Wildly Good News

Wildly Good News

goodnewsdogWild dogs are on the rise throughout sub-Saharan Africa and there is probably no better marker species for the overall health of the wilderness. Hey. This is a very good news story!

Together with a number of wildlife organizations reporting significant decreases in poaching, I think it’s fair to say the African wilderness has taken a great turn for the better.

Wildlife organizations began acknowledging the comeback of the dogs since the beginning of 2015, but many of us guides noticed it several years earlier.

Check out my “OnSafari” blogs for the last 4-5 years and you’ll see an amazing account of wild dog sightings. Dogs are “definitely back” and maybe even better than they historically were.

Wow! So what does that mean. Well if it’s true, it could be that dogs are filling in the gaps being left by the definite and serious decline in lions. Filling such an important gap at the top of the food chain would be a critical need of the overall wilderness.

The story of the dogs’ comeback also gives us a good indication of what methods for conserving the wilderness work best.

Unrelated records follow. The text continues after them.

Lemma nr_unit_mulr x y : nr_unit mul e (mul x y) -> nr_unit mul e y.
Proof.
move/nr_unitP=> inj_xy; apply/nr_unitP; apply: inj_compr (mul x) _ _.
by move=> a b /= eq_ab; apply: inj_xy; rewrite -!mulA eq_ab.
Qed.

Lemma nr_unit_mull x y : nr_unit mul e (mul x y) -> nr_unit mul e x.
Proof.
move=> unit_xy; have /nr_unitP inj_y := nr_unit_mulr unit_xy.
have [f fK Kf] := injF_bij inj_y; move/nr_unitP: unit_xy => inj_xy.
apply/nr_unitP=> a b eq_ab; rewrite -(Kf a) -(Kf b); congr (mul y _).
by apply: inj_xy; rewrite -!mulA !Kf.
Qed.

Lemma nr_unit_ker x : (forall g, mul x g = 1 -> g = 1) -> nr_unit mul e x.
Proof.
move=> ker1; apply/nr_unitP=> a b eq_ab; apply/eqP; rewrite eq_mulgV1; apply/eqP.
by apply: ker1; rewrite mulDr nr_mulV eq_ab mulgV.
Qed.

Lemma nr_nonunit_stable (N : {set gT}) z :
  (forall x n, n \in N -> mul x n \in N) -> N \proper G -> z \in N ->
  ~~ nr_unit mul e z.
Proof.
move=> mulStable /properP[_ [r _ rN]] zN.
apply/negP=> /existsP[y /andP[_ /eqP yz]].
by case/negP: rN; rewrite -(mule1 r) -yz; apply/mulStable/mulStable.
Qed.


Hypothesis exp_gT : exponent G = p.
Hypothesis L_group : group_set L.
Canonical nonunit_group := Group L_group.

Lemma id_nonunit : e \notin L.
Proof. by rewrite inE negbK nr_unit_id. Qed.

Lemma derT_nonunit : D \subset L.
Proof.
apply/subsetP=> d dD; rewrite inE.
by apply: nr_nonunit_stable dD; [exact: nr_mul_derT | exact: derT_proper].
Qed.

Lemma id_notin_derT : e \notin D.
Proof. exact: contra (subsetP derT_nonunit e) id_nonunit. Qed.

Lemma nonunit_mull x y : x \in L -> mul x y \in L.
Proof. by rewrite !inE; apply: contra; apply: nr_unit_mull. Qed.

Lemma nonunit_mulr x y : y \in L -> mul x y \in L.
Proof. by rewrite !inE; apply: contra; apply: nr_unit_mulr. Qed.

Lemma nonunit_kills_derT x d : x \in L -> d \in D -> mul x d = 1.
Proof.
move=> xL dD.
have [/forallP ker1 | /forallPn[g]] :=
  boolP [forall g, (mul x g == 1) ==> (g == 1)].
  move: xL; rewrite in_set => /negP[].
  by apply: nr_unit_ker => g /eqP/(implyP (ker1 g))/eqP.
rewrite negb_imply => /andP[/eqP xg g1].
have [d1 [d1D d1n1 xd1]] : exists d1, [/\ d1 \in D, d1 != 1 & mul x d1 = 1].
  have [gD | /notin_derT_comm[h gh]] := boolP (g \in D); first by exists g.
  by exists [~ g, h]; rewrite mem_commg ?inE // nr_mulR xg comm1g.
move: dD; rewrite (derT_gen d1D d1n1) => /cycleP[i ->].
by rewrite nr_mulX xd1 expg1n.
Qed.

Lemma shift_unit t : t \in D -> nr_unit mul e (t * e).
Proof.
move=> tD; have := id_nonunit.
by rewrite -(groupMl e (subsetP derT_nonunit t tD)) inE negbK.
Qed.

Lemma shift_collision d0 : d0 \in D -> d0 != 1 ->
  exists t1 t2,
    [/\ t1 \in D, t2 \in D, t1 != t2 & mul (t1 * e) d0 = mul (t2 * e) d0].
Proof.
move=> d0D d0n1; pose F t := mul (t * e) d0.
have sFD : F @: D \subset D :\ 1.
  apply/subsetP=> _ /imsetP[t tD ->]; rewrite !inE nr_mul_derT // andbT.
  have /nr_unitP inj_u := shift_unit tD.
  by apply: contra d0n1 => /eqP Ft1; apply/eqP/inj_u; rewrite nr_mul1.
have /dinjectivePn[t1 t1D [t2 /andP[t21 t2D] Ft12]] : ~~ dinjectiveb F D.
  apply/negP=> /dinjectiveP injF; have := subset_leq_card sFD.
  by rewrite card_in_imset // (cardsD1 1 D) group1 add1n ltnn.
by exists t1, t2; rewrite eq_sym.
Qed.

Lemma shift_fix_derT_exists :
  exists2 s, s \in D & s != 1 /\ {in D, forall d, mul (s * e) d = d}.
Proof.
have [d0 d0D d0n1] := trivgPn _ derT_nt.
have [t1 [t2 [t1D t2D t12 eqF]]] := shift_collision d0D d0n1.
have /nr_unitP inj_u1 := shift_unit t1D.
have [s sD us] : exists2 s, s \in D & mul (t1 * e) s = t2 * t1^-1.
  have onto : mul (t1 * e) @: D = D.
    apply/eqP; rewrite eqEcard card_imset // leqnn andbT.
    by apply/subsetP=> _ /imsetP[x xD ->]; apply: nr_mul_derT.
  have : t2 * t1^-1 \in D by rewrite groupM ?groupV.
  by rewrite -{1}onto => /imsetP[s sD ->]; exists s.
have fix_d0 : mul (s * e) d0 = d0.
  by apply: inj_u1; rewrite mulA mulDr us mule1 mulgA mulgKV -eqF.
exists s => //; split.
  by apply: contra t12 => /eqP s1; rewrite eq_sym eq_mulgV1 -us s1 nr_mul1.
by rewrite (derT_gen d0D d0n1) => _ /cycleP[i ->]; rewrite nr_mulX fix_d0.
Qed.

Lemma shift_fix_derT t : t \in D -> {in D, forall d, mul (t * e) d = d}.
Proof.
have [s sD [s1 fix_s]] := shift_fix_derT_exists.
rewrite {1}(derT_gen sD s1) => /cycleP[k ->] {t}.
elim: k => [|k IHk] d dD; first by rewrite mul1g mul1e.
have -> : s ^+ k.+1 * e = mul (s * e) (s ^+ k * e).
  by rewrite mulDr fix_s ?groupX // mule1 expgSr mulgA.
by rewrite -mulA IHk // fix_s.
Qed.

Lemma shift_comm t g : t \in D -> [~ e, mul (t * e) g] = [~ e, g].
Proof.
move=> tD; have egD : [~ e, g] \in D by rewrite mem_commg ?inE.
rewrite -(shift_fix_derT tD egD) nr_mulR mule1 commMgJ.
by have /commgP/eqP -> := derT_cent (mul (t * e) g) tD; rewrite conj1g mul1g.
Qed.

Lemma shift_mod_derT t g : t \in D -> mul (t * e) g * g^-1 \in D.
Proof.
move=> tD; set b := mul (t * e) g * g^-1.
have b_cent : b \in 'C[e].
  have : [~ e, b * g] = [~ e, g] by rewrite mulgKV shift_comm.
  rewrite commgMJ => /(canRL (mulKg _)); rewrite mulVg => /eqP.
  by rewrite conjg_eq1 => /commgP/commute_sym/cent1P.
have [DC CG] := cent1_intermediate id_notin_derT.
have [i [d dD bE]] := mem_intermediate DC CG (cent1id e) id_notin_derT b_cent.
have [d0 d0D d0n1] := trivgPn _ derT_nt.
have d0L : d0 \in L := subsetP derT_nonunit d0 d0D.
have : mul d0 b = 1.
  rewrite /b mulDr nr_mulV mulA mulDr mule1.
  by rewrite (nonunit_kills_derT d0L tD) mul1g mulgV.
rewrite bE mulDr nr_mulX mule1 (nonunit_kills_derT d0L dD) mulg1 => /eqP.
rewrite -order_dvdn order_derT // => p_i.
have /eqP -> : e ^+ i == 1.
  by rewrite -order_dvdn (dvdn_trans _ p_i) // -exp_gT dvdn_exponent ?inE.
by rewrite mul1g.
Qed.

Lemma nonunit_intermediate h :
  h \in L -> h \notin D -> D \proper L /\ L \proper G.
Proof.
move=> hL hD; split; apply/properP; split; rewrite ?subsetT ?derT_nonunit //.
  by exists h.
by exists e; [exact: in_setT | exact: id_nonunit].
Qed.

Lemma nonunit_mul_from_derT a l : a \in L -> l \in L -> mul a l \notin D ->
  exists2 d1, d1 \in D & exists2 l', l' \in L & mul d1 l' = mul a l.
Proof.
move=> aL lL alD; have alL := nonunit_mull l aL.
have [DL LG] := nonunit_intermediate alL alD.
have [k [d dD aVE]] := mem_intermediate DL LG alL alD (groupVr aL).
have lkL : l ^+ k \in L by rewrite groupX.
have /existsP[w' /andP[/eqP ww' _]] : nr_unit mul e (e * l ^+ k).
  by have := id_nonunit; rewrite -(groupMr e lkL) in_set negbK.
exists (mul a (e * l ^+ k)).
  by rewrite mulDr mule1 nr_mulX (canRL (mulgK d) (esym aVE)) mulKVg groupV.
by exists (mul w' l); rewrite ?nonunit_mulr // -mulA (mulA _ w') ww' mul1e.
Qed.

Last week a sixth pack of wild dogs was released in the northwest Serengeti to great fanfare. This is in such marked contrast to only a decade ago when wildlife organizations had to keep secret their work in saving the dogs, because local farmers and businessmen so hated them.

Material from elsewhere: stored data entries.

Lemma card_touches_cherry : (#|[pred x | touches_cherry x]| <= 2 * n)%N.
Proof.
have -> : (2 * n = #|{: bool * 'I_n}|)%N by rewrite card_prod card_bool card_ord.
apply: (@leq_card_in _ _ (fun x : triple n => (nat_of_ord (val x).1.2 == 1%N, (val x).2))).
move=> [[[a1 b1] c1] x1] [[[a2 b2] c2] x2]; rewrite !inE /touches_cherry /=.
move=> /andP[/eqP a1_0 b1_12] /andP[/eqP a2_0 b2_12] [b_eq1 c_eq]; apply: val_inj => /=.
have -> : a1 = a2 by apply: ord_inj; rewrite a1_0 a2_0.
have -> : b1 = b2 by apply: ord_inj; move: b1_12 b2_12 b_eq1; rewrite !inE; lia.
by rewrite c_eq.
Qed.

Lemma dist_hard_trees_eq u v : (2 <= n - 3 <= 2 ^ k)%N -> (u < v < n)%N ->
  ~~ ((u == 0%N) && (v \in [:: 1%N; 2%N])) ->
  dist (hard_tree 1 2) u v = dist (hard_tree 2 1) u v.
Proof.
move=> nk uvn; rewrite !inE => not_touch; case: (ltnP u 3) => u3; last first.
  by rewrite !dist_hard_tree_bulk //; lia.
case: (ltnP v 3) => v3; last by rewrite !dist_hard_tree_cross.
have [-> ->] : u = 1%N /\ v = 2%N by lia.
rewrite !dist_hard_tree_cherry //.
by have [_ -> _] := dist_cherry12; have [_ -> _] := dist_cherry21.
Qed.

Lemma chi2_qprob_hard_trees (x : triple n) : 0 <= c -> 4 * c <= 1 ->
  (2 <= n - 3 <= 2 ^ k)%N ->
  chi2 (qprob (hard_tree 1 2) x) (qprob (hard_tree 2 1) x) <=
  (if touches_cherry x then c ^+ 2 else 0).
Proof.
move=> c0 c4 nk; rewrite !qprobE /touches_cherry.
have abz : ((val x).1.1 < (val x).1.2 < (val x).2)%N := valP x.
have zn := ltn_ord (val x).2.
move: (nat_of_ord (val x).1.1) (nat_of_ord (val x).1.2) (nat_of_ord (val x).2) abz zn.
move=> a b z abz zn.
case: ifP => [/andP[/eqP a0 b12] | /negbT not_touch]; last first.
  have same u v : (u < v <= z)%N -> ~~ ((u == 0%N) && (v \in [:: 1%N; 2%N])) ->
      dist (hard_tree 1 2) u v = dist (hard_tree 2 1) u v.
    by move=> uvz; apply: dist_hard_trees_eq => //; lia.
  move: not_touch; rewrite !inE => not_touch.
  by rewrite !same ?chi2_id ?inE //; lia.
rewrite a0; move: b12; rewrite !inE => /orP[] /eqP b12; rewrite b12 in abz *.
- case: (ltnP z 3) => z3.
    have -> : z = 2%N by lia.
    rewrite !dist_hard_tree_cherry //.
    have [-> -> ->] := dist_cherry12; have [-> -> ->] := dist_cherry21.
    exact: chi2_triple_law_swap.
  rewrite !(dist_hard_tree_cross (v := z)) // !dist_hard_tree_cherry //.
  have [-> _ _] := dist_cherry12; have [-> _ _] := dist_cherry21.
  exact: chi2_triple_law_shorten.
- have z3 : (3 <= z)%N by lia.
  rewrite !(dist_hard_tree_cross (v := z)) // !dist_hard_tree_cherry //.
  have [_ _ ->] := dist_cherry12; have [_ _ ->] := dist_cherry21.
  exact: chi2_triple_law_lengthen.
Qed.

Lemma sum_chi2_qprob_hard_trees : 0 <= c -> 4 * c <= 1 -> (2 <= n - 3 <= 2 ^ k)%N ->
  \sum_(x : triple n) chi2 (qprob (hard_tree 1 2) x) (qprob (hard_tree 2 1) x) <= c ^+ 2 *+ (2 * n).
Proof.
move=> c0 c4 nk; apply: le_trans (ler_sum _ (fun x _ => chi2_qprob_hard_trees x c0 c4 nk)) _.
rewrite -big_mkcond /= sumr_const; apply: ler_wpMn2l; first exact: sqr_ge0.
exact: card_touches_cherry.
Qed.

End HardInstance.

Lemma sqr_le_exp2 k : (k ^ 2 <= 4 * 2 ^ k)%N.
Proof.
elim: k => [|k IH] //; rewrite [(2 ^ k.+1)%N]expnS.
case: (leqP 3 k) => k3; last by case: k IH k3 => [|[|[|k]]].
have : (k.+1 ^ 2 <= 2 * k ^ 2)%N by rewrite -!mulnn; nia.
move: (2 ^ k)%N (k ^ 2)%N (k.+1 ^ 2)%N IH => P K K1; lia.
Qed.

Lemma exists_log2_bound n : (0 < n)%N -> exists k, (n <= 2 ^ k)%N /\ (k ^ 2 <= 8 * n)%N.
Proof.
move=> n0; exists (trunc_log 2 n).+1; have := sqr_le_exp2 (trunc_log 2 n).+1.
have := trunc_logP (isT : (1 < 2)%N) n0; have := trunc_log_ltn n (isT : (1 < 2)%N).
rewrite expnS; move: (2 ^ _)%N ((_).+1 ^ 2)%N => P K; lia.
Qed.

Lemma natr_le_3sqrt (R : realType) k n : (k ^ 2 <= 8 * n)%N -> k%:R <= 3 * Num.sqrt n%:R :> R.
Proof.
move=> k8; have s0 : 0 <= Num.sqrt n%:R :> R := sqrtr_ge0 _.
have : (k%:R : R) ^+ 2 <= 8 * Num.sqrt n%:R ^+ 2.
  by rewrite sqr_sqrtr ?ler0n // -natrX -natrM ler_nat.
by have := ler0n R k; nra.
Qed.

Lemma div_sqrt_gt0_le (R : realType) (rho : R) n : 0 < rho -> (0 < n)%N ->
  0 < rho / Num.sqrt n%:R <= rho.
Proof.
move=> rho0 n0; have s1 : 1 <= Num.sqrt n%:R :> R.
  by rewrite -[X in X <= _]sqrtr1 ler_sqrt // ler1n.
have s0 : 0 < Num.sqrt n%:R :> R by apply: lt_le_trans s1.
by rewrite divr_gt0 //= ler_pdivrMr // ler_peMr // ltW.
Qed.

Section Estimates.
Variables (R : realType) (rho : R) (n k : nat).
Let c := rho / Num.sqrt n%:R.

Lemma admissible_hard_tree i j : 0 < rho <= 1 / 100 -> (5 <= n)%N ->
  (n <= 2 ^ k)%N -> (k ^ 2 <= 8 * n)%N -> perm_eq [:: 0%N; i; j] [:: 0%N; 1%N; 2%N] ->
  admissible n rho (hard_tree c k n i j).
Proof.
move=> /andP[rho0 rho_small] n5 nk k8 ij.
have /andP[c0 c_le] : 0 < c <= rho by apply: div_sqrt_gt0_le; lia.
split; [by apply: leaves_hard_tree ij; lia | | by move=> a _; apply: depth_hard_tree; lia].
apply: weights_ge_hard_tree; [exact: ltW | lra | | lia].
have s0 : 0 < Num.sqrt n%:R :> R by rewrite sqrtr_gt0 ltr0n; lia.
rewrite /c mulrA ler_pdivrMr //.
have : k%:R * rho <= 3 * Num.sqrt n%:R * rho by rewrite ler_wpM2r ?natr_le_3sqrt // ltW.
have : Num.sqrt n%:R * rho <= Num.sqrt n%:R * (1 / 100) by rewrite ler_wpM2l // ltW.
lra.
Qed.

So that’s the first big change: people in the area no longer express such animus to dogs as they showed only a short time ago. That doesn’t mean that ranchers don’t get awfully mad when a dog kills domestic stock. With government and wildlife organization funds to fairly compensate ranchers that have lost stock to dogs, though, many fewer ranchers are retaliating.

To mitigate the problem of more well educated Africans and not enough jobs, a number of “wildlife” organizations have dedicated serious resources to the social plight of Africans. Wildlife Works created 85 jobs in an area with a fragile peace between people and game.

“The key to preserving wildlife here is human relationships,” explains Wildlife Works’ Amy Lee in an op-ed published in the New York Times last week. Her organization is now the third largest employer in Kenya’s wild Rukinga district, and Amy credits this fact with saving the wilderness and wild dog in particular.

But there is also a real sense that the dogs are taking less domestic stock. The dog take less domestic stock because there’s more wild stock for them. Again this could be a reflection of the serious decline in lion, dog’s most aggressive competitor. But there is also a healthy increase in hyaena, and the total increase in dog and hyaena seems greater than just filling a gap left by lion.

That means the entire ecosystem must be improving. The persistence of organizations like the Frankfurt Zoological Society to continue reintroducing dogs over the last 30 years has finally paid off.

Finally a number of subtle social/wildlife collaborations all around the Serengeti have proved enormously beneficial.

A group of American zoos led by Chicago’s Lincoln Park Zoo continues an aggressive campaign to freely inoculate Maasai pet dogs against common diseases that surround the Serengeti. I’ve written before about this highly successful program.

Wild dogs, being more inbred than pet dogs, easily succumb to common dog diseases. This program has the added benefit of pleasing the people who surround the wilderness.

It’s always hard to tell a conservation success story: We worry that it will lower our vigilance. We know how fleeting it can be and with climate change how unpredictable now the tools that we’ve developed for monitoring and improving are becoming.

But at least for the moment, give yourself a pat on the back!